SUPPLIED DATA —
==================================================
(* Let $T$ be a measure-preserving automorphism of a standard probability Borel space $(X,\mathcal{B},\mu)$, let $\{W_n\}_{n\in\mathbb{N}}$ be measurable subsets of $X$ and let $\{q_n\}_{n\in\mathbb{N}}$ be an increasing sequence of natural numbers. Then $\{q_n\}$ is a rigidity sequence for $T$ along $\{W_n\}$ if and only if for every $f\in L^1(X,\mathcal{B},\mu)$ we have $\chi_{W_n}(f\circ T^{q_n}-f)\to 0$ in measure.
   Context: $\{q_n\}$ is a rigidity sequence for $T$ along $\{W_n\}$ if $\mu((T^{-q_n}A\,\triangle\, A)\cap W_n)\to 0$ for every $A\in\mathcal{B}$. $\chi_W$ denotes the indicator function of $W$. *)

From HB Require Import structures.
From mathcomp Require Import all_boot all_order all_algebra.
From mathcomp Require Import all_classical all_reals all_analysis.
Set Implicit Arguments. Unset Strict Implicit. Unset Printing Implicit Defensive.
Import Order.TTheory GRing.Theory Num.Theory.
Local Open Scope classical_set_scope.
Local Open Scope ring_scope.

(* Standard Borel space (via Kuratowski's theorem): the measurable space X is
   Borel-isomorphic to a Borel subset B of the real line, i.e. there is a
   bijection phi : X -> B that is measurable and maps measurable sets to
   Borel sets. *)
Definition standard_borel d (X : measurableType d) (R : realType) : Prop :=
  exists (B : set (measurableTypeR R)) (phi : X -> measurableTypeR R),
    [/\ measurable B, set_bij setT B phi, measurable_fun setT phi
      & forall A : set X, measurable A -> measurable (phi @` A)].

Definition mp_automorphism d (X : measurableType d) (R : realType)
    (mu : {measure set X -> \bar R}) (T : X -> X) : Prop :=
  [/\ bijective T, measurable_fun setT T,
      (forall A : set X, measurable A -> measurable (T @` A))
    & forall A : set X, measurable A -> mu (T @^-1` A) = mu A].

Definition rigidity_along d (X : measurableType d) (R : realType)
    (mu : {measure set X -> \bar R}) (T : X -> X) (q : nat -> nat)
    (W : nat -> set X) : Prop :=
  forall A : set X, measurable A ->
    (fun n => mu ((((iter (q n) T) @^-1` A) `+` A) `&` W n)) @ \oo --> 0%E.

Definition cvg_in_measure_to0 d (X : measurableType d) (R : realType)
    (mu : {measure set X -> \bar R}) (g : nat -> X -> R) : Prop :=
  forall eps : R, 0 < eps ->
    (fun n => mu [set x | eps <= `|g n x|]) @ \oo --> 0%E.

Definition chi (X : Type) (R : realType) (W : set X) (x : X) : R :=
  if `[< W x >] then 1 else 0.

From HB Require Import structures.
From mathcomp Require Import all_boot all_order all_algebra.
From mathcomp Require Import all_classical all_reals all_analysis.
From mathcomp Require Import lra measurable_realfun.
(* The converse implication is the case f = 1_A: the function
   |chi_{W_n} (1_A o T^{q_n} - 1_A)| is >= 1 exactly on (T^{-q_n} A + A) & W_n.
   For the direct implication only the measurability of f matters. Given eps,
   pick K with mu (|f| >= K eps) small and cut ]-K eps, K eps[ by the grid
   c_j = (j - K) eps, j < 2K. If x is in W_n and f x, f (T^{q_n} x) are both
   inside the window but eps apart, some c_j separates them, so x lies in
   (T^{-q_n} L_j + L_j) & W_n with L_j = [set f < c_j]; rigidity makes these
   finitely many sets small. The remaining points lie in [set |f| >= K eps] or
   in its preimage under T^{q_n}, which has the same measure. *)

Import Order.TTheory GRing.Theory Num.Theory.
Local Open Scope classical_set_scope.
Local Open Scope ring_scope.

Lemma nonneg_cvge0P {R : realType} {u : nat -> \bar R} :
    (forall n, 0 <= u n)%E ->
  u @ \oo --> 0%E <-> forall e : R, 0 < e -> \forall n \near \oo, (u n <= e%:E)%E.
Proof.
move=> u0; have finu e n : (u n <= e%:E)%E -> u n \is a fin_num.
  by move=> une; rewrite ge0_fin_numE ?u0 // (le_lt_trans une) ?ltry.
split=> [/fine_cvgP[fu /cvgrPdist_le cu] e e0 | ue].
  apply: filterS2 fu (cu e e0) => n fn /=.
  by rewrite sub0r normrN ger0_norm ?fine_ge0 ?u0 // -lee_fin fineK.
apply/fine_cvgP; split; first by apply: filterS (ue 1 ltr01) => n; apply: finu.
apply/cvgrPdist_le => e e0; apply: filterS (ue e e0) => n une /=.
by rewrite sub0r normrN ger0_norm ?fine_ge0 ?u0 // -lee_fin fineK // (finu e).
Qed.

Lemma measure_bigsetU_cvg0 {d} {T : measurableType d} {R : realType}
    {mu : {measure set T -> \bar R}} (N : nat) {S : nat -> nat -> set T} :
    (forall j n, measurable (S j n)) ->
    (forall j, (fun n => mu (S j n)) @ \oo --> 0%E) ->
  (fun n => mu (\big[setU/set0]_(j < N) S j n)) @ \oo --> 0%E.
Proof.
move=> mS cS; apply: (@squeeze_cvge _ _ _ _ (cst 0%E) _
  (fun n => \sum_(j < N) mu (S j n))%E); last 2 first.
- exact: cvg_cst.
- rewrite -[X in _ --> X](@big1 _ 0%E +%E _ (index_enum 'I_N) xpredT (fun=> 0%E)) //.
  by apply: (@cvg_nnesum _ _ _ _ _ _ _ (fun=> 0%E) xpredT) => j _;
    [exact: nearW | exact: cS].
near=> n; rewrite measure_ge0 /=.
apply: (content_subadditive mu (F := S ^~ n)) => //.
exact: bigsetU_measurable.
Unshelve. all: end_near. Qed.

Section real_valued_level_sets.
Context d (X : measurableType d) (R : realType) (h : X -> R).
Hypothesis mh : measurable_fun setT h.

Lemma measurable_ge_set (c : R) : measurable [set x | c <= h x].
Proof. by rewrite -[X in measurable X]setTI -preimage_itvcy; exact: mh. Qed.

Lemma measurable_lt_set (c : R) : measurable [set x | h x < c].
Proof. by rewrite -[X in measurable X]setTI -preimage_itvNyo; exact: mh. Qed.

End real_valued_level_sets.

Lemma measure_norm_ge_cvg0 {d} {X : measurableType d} {R : realType}
    (mu : {finite_measure set X -> \bar R}) {f : X -> R} {eps : R} :
    measurable_fun setT f -> 0 < eps ->
  (fun K : nat => mu [set x | K%:R * eps <= `|f x|]) @ \oo --> 0%E.
Proof.
move=> mf eps0; pose F (K : nat) := [set x | K%:R * eps <= `|f x|].
have mF K : measurable (F K) by apply: measurable_ge_set; exact: measurableT_comp.
have F_nonincr : nonincreasing_seq F.
  move=> m n mn; apply/subsetPset => x; apply: le_trans.
  by rewrite ler_pM2r // ler_nat.
have F_cap0 : \bigcap_K F K = set0.
  apply/seteqP; split=> // x /= Fx.
  have /andP[_] := truncn_itv (divr_ge0 (normr_ge0 (f x)) (ltW eps0)).
  by rewrite ltr_pdivrMr // ltNge; apply/negP/negPn; exact: Fx.
rewrite -[X in _ --> X](measure0 mu) -F_cap0.
apply: nonincreasing_cvg_mu => //; last by rewrite F_cap0.
by rewrite -ge0_fin_numE //; exact: (fin_num_measure mu _ (mF 0%N)).
Qed.

Lemma level_crossing {R : archiRealFieldType} {eps : R} {K : nat} {a b : R} :
    0 < eps -> `|a| < K%:R * eps -> `|b| < K%:R * eps -> eps <= `|b - a| ->
  exists j : 'I_(2 * K),
    (a < j%:R * eps - K%:R * eps) != (b < j%:R * eps - K%:R * eps).
Proof.
move=> eps0; wlog ab : a b / a <= b => [hwlog ha hb hab|].
  have [/hwlog/(_ ha hb hab)//|/ltW ba] := leP a b.
  have [|j hj] := hwlog b a ba hb ha; first by rewrite distrC.
  by exists j; rewrite eq_sym.
move=> /ltr_normlP[ha1 ha2] /ltr_normlP[hb1 hb2]; rewrite ger0_norm ?subr_ge0 // => hab.
set M := K%:R * eps in ha1 ha2 hb1 hb2 *.
have aM : 0 <= (a + M) / eps by rewrite divr_ge0 ?ltW //; lra.
have /andP[] := truncn_itv aM; set t := Num.truncn _.
rewrite ler_pdivlMr // ltr_pdivrMr // -addn1 natrD mulrDl mul1r => tle ltt.
have jK : (t + 1 < 2 * K)%N.
  by rewrite -(ltr_nat R) -(ltr_pM2r eps0) natrD natrM -mulrA -/M; lra.
exists (Ordinal jK); rewrite /= natrD mulrDl mul1r.
have -> : a < t%:R * eps + eps - M by lra.
by rewrite ltNge (_ : _ <= b) //; lra.
Qed.

Lemma chi_diff_ge_subset (X : Type) (R : realType) (W : set X) (S : X -> X)
    (f : X -> R) (eps : R) (K : nat) : 0 < eps ->
  let L j := [set x | f x < j%:R * eps - K%:R * eps] in
  let B := [set x | K%:R * eps <= `|f x|] in
  [set x | eps <= `|chi R W x * (f (S x) - f x)|] `<=`
    \big[setU/set0]_(j < 2 * K) ((S @^-1` L j `+` L j) `&` W) `|` B `|` S @^-1` B.
Proof.
move=> eps0 L B x /=; rewrite /chi; case: asboolP => [Wx|_]; last first.
  by rewrite mul0r normr0 leNgt eps0.
rewrite mul1r => fxS.
have [Bx|] := leP (K%:R * eps) `|f x|; first by left; right.
have [BSx|] := leP (K%:R * eps) `|f (S x)|; first by right.
move=> fSxM fxM.
left; left; rewrite -(bigcup_mkord _ (fun j => (S @^-1` L j `+` L j) `&` W)).
have [j Lj] := level_crossing eps0 fxM fSxM fxS.
exists j; first exact: ltn_ord.
split=> //; move: Lj; rewrite /setY /setD /L /=; set c := _ - _.
by case: (boolP (f x < c)); case: (boolP (f (S x) < c)) => //= h1 h2 _;
  [right|left]; split=> //; exact/negP.
Qed.

Section iterates.
Context {d} {X : measurableType d} {R : realType} {mu : {measure set X -> \bar R}}.
Context {T : X -> X}.
Hypothesis mT : measurable_fun setT T.

Lemma measurable_fun_iter n : measurable_fun setT (iter n T).
Proof. by elim: n => [|n IH] /=; [exact: measurable_id | exact: measurableT_comp]. Qed.

Lemma measurable_preimage_iter n A : measurable A -> measurable (iter n T @^-1` A).
Proof. by move=> mA; rewrite -[X in measurable X]setTI; exact: measurable_fun_iter. Qed.

Hypothesis muT : forall A, measurable A -> mu (T @^-1` A) = mu A.

Lemma measure_preimage_iter n A : measurable A -> mu (iter n T @^-1` A) = mu A.
Proof.
elim: n A => [|n IH] A mA //=.
rewrite -[X in mu X]/(iter n T @^-1` (T @^-1` A)) IH ?muT //.
by rewrite -[X in measurable X]setTI; exact: mT.
Qed.

End iterates.

Lemma chiE (X : Type) (R : realType) (W : set X) : chi R W = \1_W.
Proof.
apply/funext => x; rewrite /chi /indic.
by case: asboolP => [Wx|nWx]; rewrite ?(mem_set Wx) ?(memNset nWx).
Qed.

Lemma chi_indic_diff_ge1 (X : Type) (R : realType) (W A : set X) (S : X -> X) :
  [set x | 1 <= `|chi R W x * (\1_A (S x) - \1_A x)|] = (S @^-1` A `+` A) `&` W.
Proof.
apply/seteqP; split=> x /=; rewrite chiE /indic /setY /setD;
  have [Wx|Wx] := pselect (W x); rewrite ?(mem_set Wx) ?(memNset Wx);
  have [Ax|Ax] := pselect (A x); rewrite ?(mem_set Ax) ?(memNset Ax);
  have [ASx|ASx] := pselect (A (S x)); rewrite ?(mem_set ASx) ?(memNset ASx);
  rewrite ?mul0r ?mul1r ?subrr ?subr0 ?sub0r ?normrN ?normr0 ?normr1 ?ler10 //;
  tauto.
Qed.

Lemma rigidity_cvg_in_measure d (X : measurableType d) (R : realType)
    (mu : {finite_measure set X -> \bar R}) (T : X -> X) (q : nat -> nat)
    (W : nat -> set X) (f : X -> R) :
    measurable_fun setT T -> (forall A, measurable A -> mu (T @^-1` A) = mu A) ->
    (forall n, measurable (W n)) -> rigidity_along mu T q W ->
    measurable_fun setT f ->
  cvg_in_measure_to0 mu (fun n x => chi R (W n) x * (f (iter (q n) T x) - f x)).
Proof.
move=> mT muT mW rig mf eps eps0; apply/nonneg_cvge0P => // e e0.
have [K muB] : exists K : nat,
    (mu [set x | (K%:R * eps <= `|f x|)%R] <= (e / 4)%:E)%E.
  have e4 : 0 < e / 4 by rewrite divr_gt0.
  have [K _ hK] := (nonneg_cvge0P (fun=> measure_ge0 mu _)).1
    (measure_norm_ge_cvg0 mu mf eps0) _ e4.
  by exists K; apply: hK => /=.
set B := [set x | _] in muB.
pose L (j : nat) := [set x | f x < j%:R * eps - K%:R * eps].
pose Y j n := (iter (q n) T @^-1` L j `+` L j) `&` W n.
have mB : measurable B by apply: measurable_ge_set; exact: measurableT_comp.
have mL j : measurable (L j) by exact: measurable_lt_set.
have mY j n : measurable (Y j n).
  apply: measurableI => //; apply: measurableU; apply: measurableD => //;
  exact: measurable_preimage_iter.
have e2 : 0 < e / 2 by rewrite divr_gt0.
have [N _ hN] := (nonneg_cvge0P (fun=> measure_ge0 mu _)).1
  (measure_bigsetU_cvg0 (2 * K) mY (fun j => rig _ (mL j))) _ e2.
exists N => // n /hN /= muU.
have mU : measurable (\big[setU/set0]_(j < 2 * K) Y j n).
  exact: bigsetU_measurable.
have mTB : measurable (iter (q n) T @^-1` B) by exact: measurable_preimage_iter.
have mG : measurable [set x | eps <= `|chi R (W n) x * (f (iter (q n) T x) - f x)|].
  apply: measurable_ge_set; apply: measurableT_comp => //; rewrite chiE.
  apply: measurable_funM => //; apply: measurable_funB => //.
  exact: measurableT_comp mf (measurable_fun_iter mT _).
have cover : [set x | eps <= `|chi R (W n) x * (f (iter (q n) T x) - f x)|]
    `<=` \big[setU/set0]_(j < 2 * K) Y j n `|` B `|` iter (q n) T @^-1` B.
  exact: chi_diff_ge_subset.
have mUB := measurableU _ _ mU mB.
rewrite (le_trans (le_measure _ _ _ cover)) ?inE //; first exact: measurableU.
have muTB : (mu (iter (q n) T @^-1` B) <= (e / 4)%:E)%E.
  by rewrite (measure_preimage_iter mT muT).
apply: (le_trans (measureU2 _ mUB mTB)).
apply: (le_trans (leeD (measureU2 _ mU mB) (lexx _))).
have -> : e = e / 2 + e / 4 + e / 4 by lra.
by rewrite !EFinD !leeD.
Qed.

Theorem lemma3p2 (d : measure_display) (X : measurableType d) (R : realType)
    (mu : probability X R) (T : X -> X) (W : nat -> set X) (q : nat -> nat) :
  standard_borel X R ->
  mp_automorphism mu T ->
  (forall n, measurable (W n)) ->
  {homo q : m n / (m < n)%N} ->
  rigidity_along mu T q W <->
  (forall f : X -> R, mu.-integrable setT (EFin \o f) ->
     cvg_in_measure_to0 mu
       (fun n x => chi R (W n) x * (f (iter (q n) T x) - f x))).
Proof.
move=> _ [_ mT _ muT] mW _; split=> [rig f /integrableP[/measurable_EFinP mf _]|].
  exact: rigidity_cvg_in_measure.
move=> cvgT A mA; have := cvgT _ (integrable_indic mu mA) 1 ltr01.
by under eq_fun do rewrite chi_indic_diff_ge1.
Qed.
==================================================
REQUIRED WORK — Each line of the entries holding the string "function" should be found and copied.

RESPONSE AREA —
   Context: $\{q_n\}$ is a rigidity sequence for $T$ along $\{W_n\}$ if $\mu((T^{-q_n}A\,\triangle\, A)\cap W_n)\to 0$ for every $A\in\mathcal{B}$. $\chi_W$ denotes the indicator function of $W$. *)
(* The converse implication is the case f = 1_A: the function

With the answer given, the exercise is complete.